Данто приходит к такому же выводу, хотя и следует по несколько иному маршруту. Здесь «конец искусства» провозглашается с философских позиций, как коллапс всех больших нарративов, которые придавали разрозненным работам прошлого совокупный смысл. Но это обращение к Лиотару отнюдь не подразумевает сходства заключений. Нарратив, чью смерть собирается отпраздновать Данто, — это мнение Гринберга относительно развития современной живописи, осуществляющегося, по его мнению, посредством последовательного избавления от образности, глубины, цвета и наложения красок на плоскость. Погребальным звоном по этому нарративу прозвучал поп-арт, в том или ином варианте неожиданно воскресившем практически все, что успел похоронить Гринберг. Для Данто поп-арт означает вступление живописи в период «пост-исторической» свободы, в котором все видимое может стать произведением искусства, — это тот момент, символом которого вполне может быть Brillo Box Уорхола. Ибо поп-арт не является только лишь целительным «благоговением перед банальностью» после элитарной метафизики абстрактного экспрессионизма (с его подозрительным родством с сюрреализмом). Это также и демонстрация — здесь важна связь с Дюшаном — того, что «эстетика на самом деле не является существенным или определяющим свойством искусства». Поскольку более не существует предписывающей модели искусства, то произведением искусства, наравне со всем прочим, может стать и шоколадный батончик, если он будет представлен в качестве такового15.

Это состояние «полной художественной свободы», при которой «позволено все», не противоречит тем не менее эстетике Гегеля, но, напротив, реализует ее. Ибо «цель искусства состоит в том, чтобы прийти к пониманию истинной философской природы искусства». Иначе говоря, искусство переходит в философию (должно перейти — согласно Гегелю) в тот момент, когда только интеллектуальное решение определяет, что является искусством, а что — нет. Это — конечная станция, которую Данто явно ассоциирует с другим гегельянским проектом, концом истории как таковым (в том виде, в каком этот проект переработал Кожев). Если последнее пока еще не достигнуто, то первое дает нам его радостное предвкушение. «Замечательно было бы поверить в то, что плюралистический мир искусства исторического настоящего является предвестником будущих политических ситуаций!»16 Концепция Бельтинга — и в этом его принципиальное отличие от Данто — скорее избавляется от Гегеля, нежели обращается к нему. Тем не менее она производит ровно такое же впечатление — в тот момент, когда тема пост-исторического состояния (переданная Хендриком де Маном Гелену из альтернативного источника в виде Курно) возвращается к тому же перекрестку: «Я утверждаю, что Posthistorie художников началась раньше и развертывалась куда более творчески, чем Posthistorie исторических мыслителей»17.
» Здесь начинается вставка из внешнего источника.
Lemma coordinate_step N (C : ('I_N -> R) -> Prop) g (p : 'I_N -> R) c a b :
  signC C g c <> SU -> (forall s, Rmin a b <= s <= Rmax a b -> C (upd p c s)) ->
  exists mu, 0 < mu /\
    g (upd p c b) - g (upd p c a) = mu * sval (signC C g c) * (b - a).
Proof.
move=> T_neqU seg_in_C.
have [l [-> [mu [mu_gt0 ->]]]] : exists l, g (upd p c b) - g (upd p c a) = l * (b - a) /\
    exists mu, 0 < mu /\ l = mu * sval (signC C g c).
  apply: (mvt_between (f := fun h => g (upd p c h))).
  move=> s /seg_in_C /(signC_pderiv T_neqU) [mu [mu_gt0 dl]].
  by exists (mu * sval (signC C g c)); split; [exact: pderiv_upd|exists mu].
by exists mu.
Qed.

Lemma split_at_min (a a' s mu1 mu2 : R) : 0 < mu1 -> 0 < mu2 ->
  exists mu, 0 < mu /\
    mu1 * s * (Rmin a a' - a) + mu2 * s * (a' - Rmin a a') = mu * s * (a' - a).
Proof.
rewrite /Rmin; case: Rle_dec => _ mu1_gt0 mu2_gt0.
- by exists mu2; split => //; ring.
- by exists mu1; split => //; ring.
Qed.

Lemma nondecreasing_le (F : nat -> R) (N a b : nat) :
  (forall r, (r < N)%N -> F r <= F r.+1) -> (a <= b)%N -> (b <= N)%N -> F a <= F b.
Proof.
move=> incr ab bN; elim: b ab bN => [|b IH]; first by rewrite leqn0 => /eqP ->; lra.
rewrite leq_eqVlt ltnS => /orP [/eqP -> _|ab bN]; first lra.
by have := IH ab (ltnW bN); have := incr b bN; lra.
Qed.

Definition mix N (r : nat) (A B : 'I_N -> R) : 'I_N -> R :=
  fun c => if (c < r)%N then A c else B c.

Lemma mix0 N (A B : 'I_N -> R) : mix 0 A B = B.
Proof. by apply: functional_extensionality => c; rewrite /mix ltn0. Qed.

Lemma mixN N (A B : 'I_N -> R) : mix N A B = A.
Proof. by apply: functional_extensionality => c; rewrite /mix ltn_ord. Qed.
Интеллектуальная хрупкость этих взаимосвязанных аргументов достаточно очевидна. Сопоставление домодернистских культовых образов и постмодернистских симулякров как искусства до и после искусства включает очевидный паралогизм: в первом случае объекты ретроспективно наделяются эстетическим статусом, в то время как во втором случае этот статус категорически отрицается. Что же тогда вообще характеризует объекты второго типа как искусство? Ответ Данто: по сути дела, санкцию на это дает сам художник. Различие между товаром в супермаркете и его репродукцией в музее состоит в самом изящном жесте Уорхола. Сложно вообразить философию искусства, которая была бы по своей сущности менее гегельянской, нежели эта. Реальным источником вдохновения здесь является скорее Фихте: «Я», полагающее любой мир, который оно пожелает. Этот пароксизм субъективного идеализма чужд Бельтингу, который предпочитает более безопасный путь антропологии. Однако обоих теоретиков роднит одно специфическое пристрастие. Постмодерн вызывает восторг и истолковывается преимущественно на основании своих наиболее беззастенчиво-наглядных форм: знаковыми фигурами здесь выступают Уорхол или Гринуэй.
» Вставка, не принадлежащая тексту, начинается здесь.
(* Let $\langle k\rangle,\langle k^2\rangle,\langle k^3\rangle$ be the first three moments of a degree distribution on the nonnegative integers, with $\langle k\rangle>0$, $\langle k^2\rangle-\langle k\rangle^2>0$ and $\langle k^2\rangle>\langle k\rangle$. Define $$\alpha=\frac{\langle k^2\rangle^2-\langle k\rangle\langle k^3\rangle}{\langle k^2\rangle-\langle k\rangle^2},\qquad \beta=\frac{\langle k^3\rangle-\langle k^2\rangle\langle k\rangle}{\langle k^2\rangle-\langle k\rangle^2}-1,$$ and for a parameter $\delta>0$ consider the system of ODEs \begin{align*} \dot w&=\langle k\rangle\delta x-w,\\ \dot x&=z-(\delta+1)x+\frac{\alpha\delta}{\langle k\rangle}\cdot\frac{(1-w)x(1-3x-z)}{(1-x-z)^2}+\beta\delta\cdot\frac{x(1-3x-z)}{1-x-z},\\ \dot z&=-2z+2\delta x+\frac{2\alpha\delta}{\langle k\rangle}\cdot\frac{(1-w)x^2}{(1-x-z)^2}+2\beta\delta\cdot\frac{x^2}{1-x-z}. \end{align*} Let $\delta_c=\dfrac{\langle k\rangle}{\langle k^2\rangle-\langle k\rangle}$. Then the disease-free equilibrium $(w,x,z)=(0,0,0)$ is locally asymptotically stable if $\delta<\delta_c$ and unstable if $\delta>\delta_c$.
   Context: This is the nondimensionalized super compact pairwise (SCPW) SIS epidemic model on a network: $w$ is the proportion of infectious nodes, $x$, $z$ are the proportions of susceptible–infectious and infectious–infectious links, and $\delta=\tau/\gamma$ is the ratio of transmission rate to recovery rate. The model arises with the conservation laws $v+w=1$ and $2x+y+z=1$ ($v$ the susceptible proportion, $y$ the susceptible–susceptible link proportion), which have been used to eliminate $v$ and $y$. Stability refers to local stability of the equilibrium of the ODE system. *)

From Stdlib Require Import Reals.
From Coquelicot Require Import Coquelicot.
Open Scope R_scope.

Definition degree_moments (p : nat -> R) (k1 k2 k3 : R) : Prop :=
  (forall n, 0 <= p n) /\ is_series p 1 /\
  is_series (fun n => INR n * p n) k1 /\
  is_series (fun n => INR n ^ 2 * p n) k2 /\
  is_series (fun n => INR n ^ 3 * p n) k3.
Однако разрыв может быть описан и совершено иначе. Для Хэла Фостера (наиболее убедительного теоретика «нео-авангарда», многим обязанного своим предшественникам, но отнюдь не уступающего им, более того, способного, вероятно, осознать цели, которые те просто не принимали во внимание) момент перелома маркируют суровые абстракции минимализма, а не изобразительное остроумие поп-арта: «именно тогда происходит парадигмальный сдвиг к постмодернистским практикам, которые продолжают развиваться и сегодня»18. Действительно, если оригинальный авангард и сосредоточил огонь на условностях искусства, то он практически не обращал внимания на его институты. Разоблачая их, нео-авангард как бы постфактум завершил этот проект. Решение данной задачи взяла на себя когорта художников, чья работа представляла собой наиболее мощный сдвиг от минимализма к концептуализму: Бурен, Брудфаерс, Эшер, Хааке. Постмодерн никогда не подавлял модерн полностью, в некотором смысле оба они были «отсрочены», как это часто бывает с предвосхищенным будущим или реактуализированным прошлым. Но он ознаменовал собой начало целого ряда «новых способов культурной и политической практики»19. «Понятие постмодерна, — настаивает Фостер, — несмотря на последующие злоупотребления, это не то понятие, от которого должны отказаться левые».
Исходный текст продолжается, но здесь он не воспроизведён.